- **WHAT THIS TASK INVOLVES**: Whenever a line in the following entries includes "every", tally it. Report nothing except the final count.

.....

(* For every $n\ge1$ and $x\in(0,1/2]$, the function $G_n$ satisfies $$\frac{n}{x^{1/n}}\ \ge\ G_n(1/x)\ \ge\ \frac12\cdot\frac{n}{x^{1/n}}\quad\text{when } x\le 2^{-n},$$ $$2\log_2(1/x)\ \ge\ G_n(1/x)\ \ge\ 2+\log\frac{1}{2x}\quad\text{when } x>2^{-n},$$ and $\displaystyle\lim_{x\to0^+}\frac{G_n(1/x)}{n/x^{1/n}}=1$.
   Context: $\log$ is the natural logarithm. The function $G_n$ on $[2,\infty)$: for $n=1$, $G_1(1/x)=1/x$. For $n>1$, $G_n(2)=2$, and for every $\gamma>0$, $$x\,G_n(1/x)=\frac{\gamma n}{(1+\gamma)^n-1}\left[\frac{(1+\gamma)^{n-1}\gamma(n-1)}{(1+\gamma)^{n-1}-1}\right]^{1-1/n}\quad\text{where}\quad x=\frac{(1+\gamma)^{n-1}[\gamma(n-1)-1]+1}{[(1+\gamma)^{n-1}-1][(1+\gamma)^n-1]}\in(0,1/2).$$ *)

From Stdlib Require Import Reals Lra ClassicalEpsilon.
From Coquelicot Require Import Coquelicot.
Open Scope R_scope.

(* The parameter x(gamma) in (0,1/2) from the parametric definition of G_n. *)
Definition xpar (n : nat) (g : R) : R :=
  ((1 + g) ^ (n - 1) * (g * INR (n - 1) - 1) + 1) /
  (((1 + g) ^ (n - 1) - 1) * ((1 + g) ^ n - 1)).

(* The value x * G_n(1/x) at x = xpar n g. *)
Definition xGpar (n : nat) (g : R) : R :=
  g * INR n / ((1 + g) ^ n - 1) *
  Rpower ((1 + g) ^ (n - 1) * g * INR (n - 1) / ((1 + g) ^ (n - 1) - 1))
         (1 - 1 / INR n).

(* G_n on [2, +oo): G_1(y) = y; for n > 1, G_n(2) = 2 and, for y = 1/x with
   x = xpar n g (g > 0), G_n(y) = y * xGpar n g.  The parameter g is chosen
   by Hilbert's epsilon among the g > 0 with xpar n g = 1/y. *)
Definition G (n : nat) (y : R) : R :=
  if Nat.eqb n 1 then y
  else if Req_EM_T y 2 then 2
  else y * xGpar n (epsilon (inhabits 1) (fun g => 0 < g /\ xpar n g = / y)).

(* Write n = m + 1, a = 1 + g for the parameter g > 0, S_k = 1 + a + ... + a^(k-1) and
   T_m = sum_(j<m) (j+1) a^j.  Then x = T_m / (S_m S_n), which decreases from 1/2 as a grows,
   and G_n(1/x) x^(1/n) / n = rho with rho^n = u^m / (S_n w^m), where w = T_m / S_m and
   u = m a^m / S_m = 1 + g w.  Comparing these sums gives g/a <= rho <= 1; this yields both
   power bounds (for x <= 2^-n one has a >= 2) and the limit (a -> oo as x -> 0).

   For the logarithmic upper bound, x G_n(1/x) is the minimum over c > 0 of
   n c / q (1 + x q)^(1 - 1/n) with q = (1 + c)^n - 1, the critical point being c = g.  Taking
   c -> 0 or c = (1 + 1/x)^(1/n) - 1 and using convexity of exp gives 2 log2 (1/x).
   The logarithmic lower bound follows from a^n = 1 + (u - 1)/x by comparing a with
   (1 + 2(u - 1))^(1/n) and (1/(2x))^(1/n), using the concavity of t^(1 - 1/n). *)

From Stdlib Require Import Reals Lra Lia Psatz ClassicalEpsilon.
From Coquelicot Require Import Coquelicot.
Open Scope R_scope.

Fixpoint gsum (k : nat) (a : R) : R :=
  match k with O => 0 | S k' => gsum k' a + a ^ k' end.

Fixpoint wsum (k : nat) (a : R) : R :=
  match k with O => 0 | S k' => wsum k' a + INR (S k') * a ^ k' end.

Fixpoint gsum_sum (k : nat) (a : R) : R :=
  match k with O => 0 | S k' => gsum_sum k' a + gsum k' a end.

Fixpoint homog_sum (c d : R) (k : nat) : R :=
  match k with O => 0 | S k' => c ^ k' + d * homog_sum c d k' end.

Lemma gsum_S k a : gsum (S k) a = gsum k a + a ^ k. Proof. reflexivity. Qed.
Lemma wsum_S k a : wsum (S k) a = wsum k a + INR (S k) * a ^ k. Proof. reflexivity. Qed.
Lemma gsum_sum_S k a : gsum_sum (S k) a = gsum_sum k a + gsum k a. Proof. reflexivity. Qed.

Lemma gsum_geom k a : (a - 1) * gsum k a = a ^ k - 1.
Proof. induction k as [|k IH]; simpl; [ring|]. rewrite Rmult_plus_distr_l, IH. ring. Qed.

Lemma wsum_geom k a : (a - 1) * wsum k a = INR k * a ^ k - gsum k a.
Proof.
  induction k as [|k IH]; [simpl; ring|].
  rewrite wsum_S, gsum_S, Rmult_plus_distr_l, IH, S_INR. simpl. ring.
Qed.

Lemma gsum_sum_geom k a : (a - 1) * gsum_sum k a = gsum k a - INR k.
Proof.
  induction k as [|k IH]; [simpl; ring|].
  rewrite gsum_sum_S, gsum_S, Rmult_plus_distr_l, IH, S_INR, gsum_geom. ring.
Qed.

Lemma homog_sum_geom c d k : (c - d) * homog_sum c d k = c ^ k - d ^ k.
Proof.
  induction k as [|k IH]; simpl; [ring|].
  transitivity ((c - d) * c ^ k + d * ((c - d) * homog_sum c d k)); [ring|].
  rewrite IH. ring.
Qed.

Lemma gsum_closed k a : a <> 1 -> gsum k a = (a ^ k - 1) / (a - 1).
Proof. intros. rewrite <- (gsum_geom k a). field. lra. Qed.

Lemma wsum_closed k a : a <> 1 ->
  wsum k a = (INR k * a ^ k - (a ^ k - 1) / (a - 1)) / (a - 1).
Proof. intros. rewrite <- (gsum_closed k a), <- (wsum_geom k a) by auto. field. lra. Qed.

Lemma gsum_sum_closed k a : a <> 1 ->
  gsum_sum k a = ((a ^ k - 1) / (a - 1) - INR k) / (a - 1).
Proof. intros. rewrite <- (gsum_closed k a), <- (gsum_sum_geom k a) by auto. field. lra. Qed.

Lemma gsum_ge0 k a : 0 <= a -> 0 <= gsum k a.
Proof. intros Ha. induction k; simpl; [lra|]. pose proof (pow_le a k Ha). lra. Qed.

Lemma gsum_ge1 k a : 0 <= a -> (1 <= k)%nat -> 1 <= gsum k a.
Proof.
  intros Ha Hk. induction k as [|k IH]; [lia|]. rewrite gsum_S.
  destruct k; [simpl; lra|].
  pose proof (pow_le a (S k) Ha). specialize (IH ltac:(lia)). lra.
Qed.

Lemma gsum_pos k a : 0 <= a -> (1 <= k)%nat -> 0 < gsum k a.
Proof. intros. pose proof (gsum_ge1 k a H H0). lra. Qed.

Lemma pow_le_gsum_S k a : 0 <= a -> a ^ k <= gsum (S k) a.
Proof. intros. simpl. pose proof (gsum_ge0 k a H). lra. Qed.

Lemma gsum_le_pow k a : 1 <= a -> gsum k a <= INR k * a ^ k.
Proof.
  intros Ha. induction k as [|k IH]; [simpl; lra|]. rewrite gsum_S, S_INR. simpl pow.
  pose proof (pos_INR k). pose proof (pow_le a k ltac:(lra)).
  assert (a ^ k <= a * a ^ k) by nra.
  assert (INR k * a ^ k <= INR k * (a * a ^ k)) by (apply Rmult_le_compat_l; lra).
  lra.
Qed.

Lemma gsum_incr k a b : 0 <= a <= b -> gsum k a <= gsum k b.
Proof.
  intros H. induction k; simpl; [lra|].
  assert (a ^ k <= b ^ k) by (apply pow_incr; lra). lra.
Qed.

Lemma gsum_sum_ge0 k a : 0 <= a -> 0 <= gsum_sum k a.
Proof. intros Ha. induction k; simpl; [lra|]. pose proof (gsum_ge0 k a Ha). lra. Qed.

Lemma gsum_sum_incr k a b : 0 <= a <= b -> gsum_sum k a <= gsum_sum k b.
Proof. intros H. induction k; simpl; [lra|]. pose proof (gsum_incr k a b H). lra. Qed.

Lemma wsum_ge0 k a : 0 <= a -> 0 <= wsum k a.
Proof.
  intros Ha. induction k; [simpl; lra|]. rewrite wsum_S.
  pose proof (pow_le a k Ha). pose proof (pos_INR (S k)). nra.
Qed.

Lemma gsum_le_wsum k a : 0 <= a -> gsum k a <= wsum k a.
Proof.
  intros Ha. induction k; [simpl; lra|]. rewrite wsum_S, gsum_S, S_INR.
  pose proof (pow_le a k Ha). pose proof (pos_INR k). nra.
Qed.

Lemma mul_wsum_le k a : 1 <= a -> a * wsum k a <= INR k * INR k * a ^ k.
Proof.
  intros Ha. induction k as [|k IH]; [simpl; lra|]. rewrite wsum_S, S_INR. simpl pow.
  pose proof (pos_INR k). pose proof (pow_le a k ltac:(lra)).
  assert (INR k * INR k * a ^ k <= INR k * INR k * (a * a ^ k)) by (apply Rmult_le_compat_l; nra).
  assert (0 <= INR k * (a * a ^ k)) by (apply Rmult_le_pos; nra).
  nra.
Qed.

Lemma pow_le_mul_wsum k a : 0 < a -> INR k * a ^ k <= a * wsum k a.
Proof.
  intros Ha. destruct k as [|k]; [simpl; lra|]. rewrite wsum_S. simpl pow.
  pose proof (wsum_ge0 k a ltac:(lra)). pose proof (pos_INR (S k)). pose proof (pow_le a k ltac:(lra)).
  nra.
Qed.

.....

- **EXERCISE OUTPUT**: 2